--- RECORDS Enclosed Below ---

(* Consider Directed Simplicial Neural Networks (Dir-SNNs) applied to the directed flag complexes of digraphs, and Directed Graph Neural Networks (Dir-GNNs) applied to the digraphs themselves, all initialized with identical constant input features. There exists a Dir-SNN that is strictly more powerful than Dir-GNNs at distinguishing non-isomorphic digraphs. That is: (i) for any two digraphs $G_1, G_2$ that some Dir-GNN distinguishes, this Dir-SNN distinguishes their directed flag complexes $\mathcal{K}_{G_1}, \mathcal{K}_{G_2}$; and (ii) there exist non-isomorphic digraphs $G_1, G_2$ that no Dir-GNN distinguishes but whose directed flag complexes this Dir-SNN distinguishes.
   Context: A directed simplicial complex is a pair $\mathcal{K}=(V,\Sigma)$, where $V$ is a finite vertex set and $\Sigma$ is a collection of non-empty ordered tuples of vertices (directed simplices) such that every non-empty ordered subtuple of a member of $\Sigma$ is also in $\Sigma$. A tuple $\sigma=(v_0,\dots,v_k)$ has dimension $\dim\sigma=k$ and is called a $k$-simplex. For $0\le i\le k$, the face map $d_i$ sends $\sigma$ to the $(k-1)$-simplex $(v_0,\dots,\hat v_i,\dots,v_k)$ obtained by deleting the $i$-th vertex while keeping the order of the remaining vertices; $d_i^{-1}(\sigma)$ denotes the set of simplices $\rho$ with $d_i(\rho)=\sigma$. The boundary of $\sigma$ is $\mathcal{B}(\sigma)=\{d_i(\sigma):0\le i\le\dim\sigma\}$, and the coboundary is $\mathcal{C}(\sigma)=\bigcup_{i=0}^{\dim\sigma+1}d_i^{-1}(\sigma)$. For simplices of equal dimension and integer $k \ge 1$, the lower $(k,i,j)$-adjacency $\mathcal{A}^{ij}_{\downarrow,k}(\sigma)$ is the set of $\tau$ with $\dim\tau=\dim\sigma$ for which there is a simplex $\kappa$ with $\dim\kappa=\dim\sigma-k$ (taken to be $0$ if $k>\dim\sigma$) and $\kappa\subseteq d_i(\sigma)$, $\kappa\subseteq d_j(\tau)$. The upper $(k,i,j)$-adjacency $\mathcal{A}^{ij}_{\uparrow,k}(\sigma)$ is the set of $\tau$ with $\dim\tau=\dim\sigma$ for which there is a $\kappa$ with $\dim\kappa=\dim\sigma+k$ (taken to be $\dim\mathcal{K}$ if $k > \dim\mathcal{K} - \dim\sigma$), $\sigma\subseteq d_i(\kappa)$ and $\tau\subseteq d_j(\kappa)$. Here $\subseteq$ denotes being an ordered subtuple. The directed flag complex $\mathcal{K}_G$ of a digraph $G$ is the directed simplicial complex whose $k$-simplices are the tuples $(v_0,\dots,v_k)$ of distinct vertices with $(v_a,v_b)$ a directed edge of $G$ for all $a<b$. Its $0$- and $1$-simplices are the vertices and edges of $G$. A Dir-SNN layer $l$ updates the feature vector $\mathbf{x}_\sigma^l$ of each simplex $\sigma$ using a chosen collection of lower and upper $(k,i,j)$-adjacencies. For each chosen adjacency $\mathcal{A}$, a message $\mathbf{m}_{\sigma,\mathcal{A}}^{l+1}$ is formed by applying an aggregator $\bigoplus_{\tau\in\mathcal{A}(\sigma)}$ to $\psi_{\mathcal{A}}(\mathbf{x}^l_\sigma,\mathbf{x}^l_\tau,\mathbf{x}^l_\kappa)$, where $\kappa$ is the witnessing simplex. Boundary and coboundary messages are formed as $\bigoplus_{\tau\in\mathcal{B}(\sigma)}\psi_{\mathcal{B}}(\mathbf{x}^l_\sigma,\mathbf{x}^l_\tau)$ and $\bigoplus_{\tau\in\mathcal{C}(\sigma)}\psi_{\mathcal{C}}(\mathbf{x}^l_\sigma,\mathbf{x}^l_\tau)$. The update is $\mathbf{x}_\sigma^{l+1}=\phi(\mathbf{x}_\sigma^l,\text{all messages})$, with learnable $\psi$'s and $\phi$. A Dir-GNN on a digraph updates each node $v$ as $\mathbf{x}_v^{l+1}=\phi\big(\mathbf{x}_v^l,\bigoplus_{u\in N_\leftarrow(v)}\psi_\leftarrow(\mathbf{x}_v^l,\mathbf{x}_u^l),\bigoplus_{u\in N_\rightarrow(v)}\psi_\rightarrow(\mathbf{x}_v^l,\mathbf{x}_u^l)\big)$, where $N_\leftarrow(v)=\{u:(u,v)\text{ edge}\}$ and $N_\rightarrow(v)=\{u:(v,u)\text{ edge}\}$. A network distinguishes two inputs if the multisets of final feature vectors (over all simplices, respectively all nodes) differ. *)

From Stdlib Require Import Permutation.
From mathcomp Require Import all_boot.
Set Implicit Arguments. Unset Strict Implicit. Unset Printing Implicit Defensive.

Definition face (V : Type) (i : nat) (s : seq V) : seq V := take i s ++ drop i.+1 s.

Definition dim (V : Type) (s : seq V) : nat := (size s).-1.

Definition is_simplex (V : eqType) (e : rel V) (s : seq V) : bool :=
  [&& 0 < size s, uniq s & pairwise e s].

Definition tuples_of_size (V : finType) (n : nat) : seq (seq V) :=
  [seq tval t | t : n.-tuple V].

Definition flag_simplices (V : finType) (e : rel V) : seq (seq V) :=
  [seq s <- flatten [seq tuples_of_size V n | n <- iota 1 #|V|] | is_simplex e s].

Definition cdim (V : finType) (e : rel V) : nat :=
  (foldr maxn 0 [seq size s | s <- flag_simplices e]).-1.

--- End of Enclosed RECORDS ---

## WHAT YOU SHOULD DO
Return each line of the records above exactly as it reads.

## ANSWER TO THIS PROBLEM
(* Consider Directed Simplicial Neural Networks (Dir-SNNs) applied to the directed flag complexes of digraphs, and Directed Graph Neural Networks (Dir-GNNs) applied to the digraphs themselves, all initialized with identical constant input features. There exists a Dir-SNN that is strictly more powerful than Dir-GNNs at distinguishing non-isomorphic digraphs. That is: (i) for any two digraphs $G_1, G_2$ that some Dir-GNN distinguishes, this Dir-SNN distinguishes their directed flag complexes $\mathcal{K}_{G_1}, \mathcal{K}_{G_2}$; and (ii) there exist non-isomorphic digraphs $G_1, G_2$ that no Dir-GNN distinguishes but whose directed flag complexes this Dir-SNN distinguishes.
   Context: A directed simplicial complex is a pair $\mathcal{K}=(V,\Sigma)$, where $V$ is a finite vertex set and $\Sigma$ is a collection of non-empty ordered tuples of vertices (directed simplices) such that every non-empty ordered subtuple of a member of $\Sigma$ is also in $\Sigma$. A tuple $\sigma=(v_0,\dots,v_k)$ has dimension $\dim\sigma=k$ and is called a $k$-simplex. For $0\le i\le k$, the face map $d_i$ sends $\sigma$ to the $(k-1)$-simplex $(v_0,\dots,\hat v_i,\dots,v_k)$ obtained by deleting the $i$-th vertex while keeping the order of the remaining vertices; $d_i^{-1}(\sigma)$ denotes the set of simplices $\rho$ with $d_i(\rho)=\sigma$. The boundary of $\sigma$ is $\mathcal{B}(\sigma)=\{d_i(\sigma):0\le i\le\dim\sigma\}$, and the coboundary is $\mathcal{C}(\sigma)=\bigcup_{i=0}^{\dim\sigma+1}d_i^{-1}(\sigma)$. For simplices of equal dimension and integer $k \ge 1$, the lower $(k,i,j)$-adjacency $\mathcal{A}^{ij}_{\downarrow,k}(\sigma)$ is the set of $\tau$ with $\dim\tau=\dim\sigma$ for which there is a simplex $\kappa$ with $\dim\kappa=\dim\sigma-k$ (taken to be $0$ if $k>\dim\sigma$) and $\kappa\subseteq d_i(\sigma)$, $\kappa\subseteq d_j(\tau)$. The upper $(k,i,j)$-adjacency $\mathcal{A}^{ij}_{\uparrow,k}(\sigma)$ is the set of $\tau$ with $\dim\tau=\dim\sigma$ for which there is a $\kappa$ with $\dim\kappa=\dim\sigma+k$ (taken to be $\dim\mathcal{K}$ if $k > \dim\mathcal{K} - \dim\sigma$), $\sigma\subseteq d_i(\kappa)$ and $\tau\subseteq d_j(\kappa)$. Here $\subseteq$ denotes being an ordered subtuple. The directed flag complex $\mathcal{K}_G$ of a digraph $G$ is the directed simplicial complex whose $k$-simplices are the tuples $(v_0,\dots,v_k)$ of distinct vertices with $(v_a,v_b)$ a directed edge of $G$ for all $a<b$. Its $0$- and $1$-simplices are the vertices and edges of $G$. A Dir-SNN layer $l$ updates the feature vector $\mathbf{x}_\sigma^l$ of each simplex $\sigma$ using a chosen collection of lower and upper $(k,i,j)$-adjacencies. For each chosen adjacency $\mathcal{A}$, a message $\mathbf{m}_{\sigma,\mathcal{A}}^{l+1}$ is formed by applying an aggregator $\bigoplus_{\tau\in\mathcal{A}(\sigma)}$ to $\psi_{\mathcal{A}}(\mathbf{x}^l_\sigma,\mathbf{x}^l_\tau,\mathbf{x}^l_\kappa)$, where $\kappa$ is the witnessing simplex. Boundary and coboundary messages are formed as $\bigoplus_{\tau\in\mathcal{B}(\sigma)}\psi_{\mathcal{B}}(\mathbf{x}^l_\sigma,\mathbf{x}^l_\tau)$ and $\bigoplus_{\tau\in\mathcal{C}(\sigma)}\psi_{\mathcal{C}}(\mathbf{x}^l_\sigma,\mathbf{x}^l_\tau)$. The update is $\mathbf{x}_\sigma^{l+1}=\phi(\mathbf{x}_\sigma^l,\text{all messages})$, with learnable $\psi$'s and $\phi$. A Dir-GNN on a digraph updates each node $v$ as $\mathbf{x}_v^{l+1}=\phi\big(\mathbf{x}_v^l,\bigoplus_{u\in N_\leftarrow(v)}\psi_\leftarrow(\mathbf{x}_v^l,\mathbf{x}_u^l),\bigoplus_{u\in N_\rightarrow(v)}\psi_\rightarrow(\mathbf{x}_v^l,\mathbf{x}_u^l)\big)$, where $N_\leftarrow(v)=\{u:(u,v)\text{ edge}\}$ and $N_\rightarrow(v)=\{u:(v,u)\text{ edge}\}$. A network distinguishes two inputs if the multisets of final feature vectors (over all simplices, respectively all nodes) differ. *)

From Stdlib Require Import Permutation.
From mathcomp Require Import all_boot.
Set Implicit Arguments. Unset Strict Implicit. Unset Printing Implicit Defensive.

Definition face (V : Type) (i : nat) (s : seq V) : seq V := take i s ++ drop i.+1 s.

Definition dim (V : Type) (s : seq V) : nat := (size s).-1.

Definition is_simplex (V : eqType) (e : rel V) (s : seq V) : bool :=
  [&& 0 < size s, uniq s & pairwise e s].

Definition tuples_of_size (V : finType) (n : nat) : seq (seq V) :=
  [seq tval t | t : n.-tuple V].

Definition flag_simplices (V : finType) (e : rel V) : seq (seq V) :=
  [seq s <- flatten [seq tuples_of_size V n | n <- iota 1 #|V|] | is_simplex e s].

Definition cdim (V : finType) (e : rel V) : nat :=
  (foldr maxn 0 [seq size s | s <- flag_simplices e]).-1.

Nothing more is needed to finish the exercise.